Unions and management at Audi Brussels reached an agreement on Monday on the redundancy plan for staff affected by the closure of the car plant in Forest, a management spokesman said, reports Belga News Agency. Some union members say the agreement falls short of expectations.
Production at Audi Brussels, which employs around 3,000 people, is due to cease for good at the end of February. After almost four months of negotiations, the two parties have finally found common ground. Management said on Monday that it had slightly adapted its final proposal, which was approved by the unions.
"This result will have required a great deal of effort on the part of all those involved in the negotiations," commented Thomas Bogus, CEO of Audi Brussels, in a press release. "But in the end, everyone came to their senses and put the workers at the heart of the negotiations."
The company's redundancy plan includes various support measures, such as an unemployment scheme with company top-up, a coaching programme and outplacement services.

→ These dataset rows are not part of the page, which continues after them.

Lemma tilde_open_refl : forall R t, tilde_open R t t.
Proof. intros R t; induction t; eauto using tilde_open. Qed.

Lemma tilde_open_plugC : forall R C t0 t1, tilde_open R t0 t1 ->
  tilde_open R (plugC C t0) (plugC C t1).
Proof. intros R C; induction C; intros; simpl; eauto using tilde_open, tilde_open_refl. Qed.

Lemma tilde_open_flip : forall R a b, tilde_open R a b -> tilde_open (rflip R) b a.
Proof. intros R a b T; induction T; eauto using tilde_open. Qed.

Lemma tilde_flip : forall R a b, tilde R a b -> tilde (rflip R) b a.
Proof. intros R a b [T [C0 C1]]; split; auto using tilde_open_flip. Qed.

Lemma hat_flip : forall R F0 F1, hat R F0 F1 -> hat (rflip R) F1 F0.
Proof. intros R F0 F1 T; induction T; econstructor; eauto using tilde_flip. Qed.

Lemma environment_flip : forall R, environment R -> environment (rflip R).
Proof. intros R H a b Hab; destruct (H b a Hab) as [? [? [? | ?]]]; intuition. Qed.

Lemma hat_evalctx : forall R F0 F1, hat R F0 F1 -> evalctx F0 /\ evalctx F1.
Proof. intros R F0 F1 T; induction T; simpl; intuition. Qed.

Lemma hat_pure : forall R F0 F1, hat R F0 F1 -> pure F0 -> pure F1.
Proof. intros R F0 F1 T; induction T; simpl; intuition. Qed.

Lemma hat_closed : forall R F0 F1, hat R F0 F1 -> closedE 0 F0 /\ closedE 0 F1.
Proof. intros R F0 F1 T; induction T; simpl; unfold tilde, closed in *; intuition. Qed.

Lemma hat_comp : forall R A0 A1 B0 B1, hat R A0 A1 -> hat R B0 B1 ->
  hat R (compE A0 B0) (compE A1 B1).
Proof. intros R A0 A1 B0 B1 T; induction T; intros; simpl; eauto using hat. Qed.

Lemma hat_plug_open : forall R F0 F1 t0 t1, hat R F0 F1 -> tilde_open R t0 t1 ->
  tilde_open R (plugE F0 t0) (plugE F1 t1).
Proof.
  intros R F0 F1 t0 t1 T; induction T; intros; simpl; unfold tilde in *;
    intuition eauto using tilde_open.
Qed.

Lemma hat_plug : forall R F0 F1 t0 t1, hat R F0 F1 -> tilde R t0 t1 ->
  tilde R (plugE F0 t0) (plugE F1 t1).
Proof.
  intros R F0 F1 t0 t1 H [T [C0 C1]]. destruct (hat_closed _ _ _ H).
  split; [apply hat_plug_open; auto |]. unfold closed in *; rewrite !closed_plugE; auto.
Qed.

Lemma env_closed : forall R x y, environment R -> R x y -> closed x /\ closed y.
Proof. intros R x y H Hxy; destruct (H x y Hxy); tauto. Qed.

Lemma env_tilde : forall R x y, environment R -> R x y -> tilde R x y.
Proof. intros R x y H Hxy; destruct (env_closed _ _ _ H Hxy); split; auto using tilde_open. Qed.

Lemma env_no_step : forall R x y u, environment R -> R x y -> ~ step x u.
Proof.
  intros R x y u H Hxy; destruct (H x y Hxy) as [_ [_ [[V _] | [[_ S] _]]]];
    [apply value_no_step; auto | apply S].
Qed.

Lemma value_tilde : forall R a b, environment R -> tilde_open R a b -> is_value a -> is_value b.
Proof.
  intros R a b HR T V; destruct T; simpl in *; auto; try contradiction.
  destruct (HR a b) as [_ [_ [[] | [[] _]]]]; auto; contradiction.
Qed.

Lemma value_tilde_r : forall R a b, environment R -> tilde_open R a b -> is_value b -> is_value a.
Proof. eauto using value_tilde, environment_flip, tilde_open_flip. Qed.

Lemma tilde_open_subst_at : forall R a b k v w, environment R -> tilde_open R a b ->
  closed v -> closed w -> tilde_open R v w ->
  tilde_open R (subst_at k a v) (subst_at k b w).
Proof.
  intros R a b k v w HR T; revert k; induction T; intros k Cv Cw Tvw; simpl;
    eauto using tilde_open.
  - destruct (env_closed _ _ _ HR H).
    rewrite !subst_at_closed; auto using tilde_open; eapply closed_at_mono; eauto; lia.
  - destruct (n =? k); [rewrite !liftn_closed; auto | destruct (k <? n)]; apply to_var.
Qed.

Lemma tilde_subst : forall R a b v w, environment R -> tilde_open R a b ->
  closed_at 1 a -> closed_at 1 b -> tilde R v w -> tilde R (subst a v) (subst b w).
Proof.
  intros R a b v w HR T Ca Cb [Tvw [Cv Cw]].
  split; [apply tilde_open_subst_at | split; apply closed_subst]; auto.
Qed.

Lemma capture_tilde : forall R E0 E1, hat R E0 E1 -> tilde R (capture E0) (capture E1).
Proof.
  intros R E0 E1 H. destruct (hat_closed _ _ _ H) as [C0 C1].
  split; [| split; apply closed_capture; auto].
  unfold capture; rewrite !liftE_closed; auto.
  apply to_lam, to_reset, hat_plug_open; auto using tilde_open.
Qed.

Lemma tilde_App_inv : forall R a0 a1 b, tilde R (App a0 a1) b ->
  R (App a0 a1) b \/ exists b0 b1, b = App b0 b1 /\ tilde R a0 b0 /\ tilde R a1 b1.
Proof.
  intros R a0 a1 b [T [[C0 C1] Cb]]; inversion T; subst; [left; auto | right].
  destruct Cb; do 2 eexists; repeat split; eauto.
Qed.

Lemma tilde_Reset_inv : forall R a b, tilde R (Reset a) b ->
  R (Reset a) b \/ exists b', b = Reset b' /\ tilde R a b'.
Proof.
  intros R a b [T [Ca Cb]]; inversion T; subst; [left; auto | right].
  eexists; repeat split; eauto.
Qed.

Lemma tilde_plug_step_inv : forall R F r r' b, environment R -> evalctx F -> step r r' ->
  tilde R (plugE F r) b -> exists G b', b = plugE G b' /\ hat R F G /\ tilde R r b'.
Proof.
  intros R F r r' b HR EF Sr; revert b.
  induction F as [| v F IH | F IH u | F IH]; intros b T; simpl in *.
  - exists Hole, b; auto using hat.
  - destruct (tilde_App_inv _ _ _ _ T) as [Rb | [b0 [b1 [-> [Tv TF]]]]].
    + destruct (env_no_step _ _ _ _ HR Rb (step_ctx _ _ (AppR v F) Sr EF)).
    + destruct EF as [Vv EF]. destruct (IH EF b1 TF) as [G [b' [-> [HG Tr]]]].
      assert (Vb0 : is_value b0) by (eapply value_tilde; eauto; apply Tv).
      exists (AppR b0 G), b'; split; [reflexivity | split; [apply hat_appR |]]; auto.
  - destruct (tilde_App_inv _ _ _ _ T) as [Rb | [b0 [b1 [-> [TF Tu]]]]].
    + destruct (env_no_step _ _ _ _ HR Rb (step_ctx _ _ (AppL F u) Sr EF)).
    + destruct (IH EF b0 TF) as [G [b' [-> [HG Tr]]]].
      exists (AppL G b1), b'; split; [reflexivity | split; [apply hat_appL |]]; auto.
  - destruct (tilde_Reset_inv _ _ _ T) as [Rb | [b0 [-> TF]]].
    + destruct (env_no_step _ _ _ _ HR Rb (step_ctx _ _ (RstC F) Sr EF)).
    + destruct (IH EF b0 TF) as [G [b' [-> [HG Tr]]]].
      exists (RstC G), b'; split; [reflexivity | split; [apply hat_rst |]]; auto.
Qed.

Lemma tilde_pure_shift_inv : forall R E0 s0 b, environment R -> pure E0 ->
  tilde R (plugE E0 (Shift s0)) b ->
  (exists E1 s1, b = plugE E1 (Shift s1) /\ pure E1 /\ hat R E0 E1 /\
     tilde_open R s0 s1 /\ closed_at 1 s0 /\ closed_at 1 s1) \/
  (exists E0c E0b E1c y, E0 = compE E0c E0b /\ b = plugE E1c y /\ pure E0c /\ pure E0b /\
     pure E1c /\ hat R E0c E1c /\ R (plugE E0b (Shift s0)) y).
Proof.
  intros R E0 s0 b HR PE; revert b.
  induction E0 as [| v E0 IH | E0 IH u | E0 IH]; intros b T; simpl in *;
    try contradiction.
  - destruct T as [T [C0 C1]]. inversion T; subst.
    + right. exists Hole, Hole, Hole, b; simpl; repeat split; auto using hat.
    + left. eexists Hole, _; simpl; repeat split; eauto using hat.
  - destruct PE as [Vv PE].
    destruct (tilde_App_inv _ _ _ _ T) as [Rb | [b0 [b1 [-> [Tv TE]]]]].
    + right. exists Hole, (AppR v E0), Hole, b; simpl; repeat split; auto using hat.
    + assert (Vb0 : is_value b0) by (eapply value_tilde; eauto; apply Tv).
      destruct (IH PE b1 TE) as
        [[E1 [s1 [-> [P1 [HE [Ts [Cs0 Cs1]]]]]]] | [E0c [E0b [E1c [y [-> [-> [P0c [P0b [P1c [HE Ry]]]]]]]]]]].
      * left. exists (AppR b0 E1), s1; simpl; repeat split; auto using hat.
      * right. exists (AppR v E0c), E0b, (AppR b0 E1c), y; simpl; repeat split; auto using hat.
  - destruct (tilde_App_inv _ _ _ _ T) as [Rb | [b0 [b1 [-> [TE Tu]]]]].
    + right. exists Hole, (AppL E0 u), Hole, b; simpl; repeat split; auto using hat.
    + destruct (IH PE b0 TE) as
        [[E1 [s1 [-> [P1 [HE [Ts [Cs0 Cs1]]]]]]] | [E0c [E0b [E1c [y [-> [-> [P0c [P0b [P1c [HE Ry]]]]]]]]]]].
      * left. exists (AppL E1 b1), s1; simpl; repeat split; auto using hat.
      * right. exists (AppL E0c u), E0b, (AppL E1c b1), y; simpl; repeat split; auto using hat.
Qed.

(** * Simulation up to context *)

Inductive ctx_rel (X : envrel) (E2 : rel) : term -> term -> Prop :=
| ctx_rel_tri : forall F0 F1 t0 t1, hat E2 F0 F1 -> X_tri X E2 t0 t1 ->
    ctx_rel X E2 (plugE F0 t0) (plugE F1 t1)
| ctx_rel_tilde : forall a b, X_env X E2 -> tilde E2 a b -> ctx_rel X E2 a b.

Lemma ctx_rel_plug : forall X E2 F0 F1 a b, hat E2 F0 F1 -> ctx_rel X E2 a b ->
  ctx_rel X E2 (plugE F0 a) (plugE F1 b).
Proof.
  intros X E2 F0 F1 a b HF H; destruct H as [G0 G1 t0 t1 HG HT | a b HE T].
  - rewrite <- !plugE_comp. apply ctx_rel_tri; auto using hat_comp.
  - apply ctx_rel_tilde; auto using hat_plug.
Qed.

Section TildeSimulation.

Variable X : envrel.
Hypothesis HX : env_bisim X.
Variable E2 : rel.
Hypothesis HE2 : X_env X E2.

Let HR2 : environment E2 := proj1 (proj1 HX) E2 HE2.

Lemma tilde_beta_sim : forall b0 u v0 v1, is_value v0 ->
  tilde E2 (Lam b0) u -> tilde E2 v0 v1 ->
  exists b1, u = Lam b1 /\ ctx_rel X E2 (subst b0 v0) (subst b1 v1).
Proof.
  intros b0 u v0 v1 V0 [T [C0 Cu]] Tv.
  assert (V1 : is_value v1) by (eapply value_tilde; eauto; apply Tv).
  inversion T as [? ? R0 | | ? b1 T0 | | |]; subst.
  - assert (Vu : is_value u) by (eapply value_tilde; eauto; exact I).
    destruct u as [| b1 | | |]; try contradiction.
    exists b1; split; auto.
    apply (ctx_rel_tri _ _ Hole Hole); [constructor |].
    apply (proj1 (proj2 (proj2 HX) E2 HE2)); auto.
  - exists b1; split; auto. apply ctx_rel_tilde; auto using tilde_subst.
Qed.

Lemma tilde_shift_sim : forall E0 s0 E0' E1' u, pure E0 -> pure E0' -> hat E2 E0' E1' ->
  tilde E2 (plugE E0 (Shift s0)) u ->
  exists E1 s1, pure E1 /\ u = plugE E1 (Shift s1) /\
    ctx_rel X E2 (Reset (subst s0 (capture (compE E0' E0))))
                 (Reset (subst s1 (capture (compE E1' E1)))).
Proof.
  intros E0 s0 E0' E1' u P0 P0' HE' T.
  pose proof (hat_pure _ _ _ HE' P0') as P1'.
  destruct (tilde_pure_shift_inv _ _ _ _ HR2 P0 T) as
    [[E1 [s1 [-> [P1 [HE [Ts [Cs0 Cs1]]]]]]]
    | [E0c [E0b [E1c [y [-> [-> [P0c [P0b [P1c [HEc Ry]]]]]]]]]]].
  - exists E1, s1; repeat split; auto.
    apply ctx_rel_tilde; auto.
    apply (hat_plug _ (RstC Hole) (RstC Hole)); [repeat constructor |].
    apply tilde_subst; auto using capture_tilde, hat_comp.
  - destruct (HR2 _ _ Ry) as [_ [Cy [[V _] | [_ Sy]]]].
    { destruct (pure_shift_not_value _ _ V). }
    destruct (stuck_decomp y Cy Sy) as [E1b [s1 [P1b ->]]].
    exists (compE E1c E1b), s1; repeat split; auto using pure_comp.
    { rewrite plugE_comp; auto. }
    rewrite !compE_assoc, !capture_comp.
    apply (ctx_rel_tri _ _ Hole Hole); [constructor |].
    apply (proj2 (proj2 (proj2 HX) E2 HE2)); auto using pure_comp, hat_comp.
Qed.

Lemma contract_sim : forall r r' b, contract r r' -> tilde E2 r b ->
  exists b', contract b b' /\ ctx_rel X E2 r' b'.
Proof.
  intros r r' b Hr T.
  assert (NR : ~ E2 r b) by (intros Rb; exact (env_no_step _ _ _ _ HR2 Rb (step_contract Hole _ _ I Hr))).
  destruct Hr as [t v V | E t PE | v V].
  - destruct (tilde_App_inv _ _ _ _ T) as [Rb | [bL [bV [-> [TL TV]]]]]; [contradiction |].
    destruct (tilde_beta_sim _ _ _ _ V TL TV) as [b1 [-> HS]].
    exists (subst b1 bV); split; auto.
    constructor. eapply value_tilde; eauto; apply TV.
  - destruct (tilde_Reset_inv _ _ _ T) as [Rb | [u [-> TE]]]; [contradiction |].
    destruct (tilde_shift_sim E t Hole Hole u PE I (hat_hole _) TE) as [E1 [s1 [P1 [-> HS]]]].
    exists (Reset (subst s1 (capture E1))); split; auto using contract.
  - destruct (tilde_Reset_inv _ _ _ T) as [Rb | [u [-> Tv]]]; [contradiction |].
    exists u; split; [constructor | apply ctx_rel_tilde; auto].
    eapply value_tilde; eauto; apply Tv.
Qed.

Lemma tilde_step_sim : forall a a' b, step a a' -> tilde E2 a b ->
  exists b', step b b' /\ ctx_rel X E2 a' b'.
Proof.
  intros a a' b Sa T. destruct (step_inv _ _ Sa) as [F [r [r' [EF [Hr [-> ->]]]]]].
  destruct (tilde_plug_step_inv _ _ _ _ _ HR2 EF (step_contract Hole _ _ I Hr) T)
    as [G [b' [-> [HG Tr]]]].
  destruct (contract_sim _ _ _ Hr Tr) as [b'' [Hb HS]].
  exists (plugE G b''); split.
  - apply step_contract; auto. exact (proj2 (hat_evalctx _ _ _ HG)).
  - apply ctx_rel_plug; auto.
Qed.

End TildeSimulation.

(** * Symmetry *)

Definition flip_envrel (X : envrel) : envrel :=
  {| X_env := fun E => X_env X (rflip E); X_tri := fun E a b => X_tri X (rflip E) b a |}.

Lemma flip_add_pair : forall E a b, rflip (add_pair E a b) = add_pair (rflip E) b a.
Proof.
  intros; apply functional_extensionality; intro x; apply functional_extensionality; intro y;
    unfold rflip, add_pair; apply propositional_extensionality; tauto.
Qed.

Lemma flip_bisim : forall X, env_bisim X -> env_bisim (flip_envrel X).
Proof.
  intros X [[W1 W2] [C1 C2]]. split; [split | split]; simpl.
  - intros E H. exact (environment_flip _ (W1 _ H)).
  - intros E t0 t1 H. destruct (W2 _ _ _ H) as [HE [? ?]].
    split; [exact (environment_flip _ HE) | auto].
  - intros E t0 t1 H. destruct (C1 _ _ _ H) as [L1 [L2 [L3 [R1 [R2 R3]]]]].
    repeat split; auto; intros V;
      [ destruct (R2 V) as [w Hw] | destruct (R3 V) as [w Hw]
      | destruct (L2 V) as [w Hw] | destruct (L3 V) as [w Hw] ];
      exists w; rewrite flip_add_pair; exact Hw.
  - intros E HE. destruct (C2 _ HE) as [Ca Cb]. split.
    + intros b0 b1 v0 v1 HL V0 V1 Tv. apply Ca; auto using tilde_flip.
    + intros E0 E1 s0 s1 E0' E1' P0 P1 HS P0' P1' HH. apply Cb; auto using hat_flip.
Qed.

In addition to the statutory redundancy pay, the German carmaker will distribute a company bonus, the amount of which will be determined on the basis of the employee's length of service. Employees with 30 years' seniority will receive total compensation of between €200,000 and €400,000 gross, depending on their position and salary.
However, according to FGTB union delegate, Pascal Debrulle, the sums announced by management for 30 years' service do not reflect the reality of the majority of workers. "These figures concern executives and very high earners. A normal blue-collar worker would never go for these amounts," he said.
Debrulle laments that while the plan appears "acceptable" for older workers, it is not more generous for the others, particularly in view of Audi's financial situation.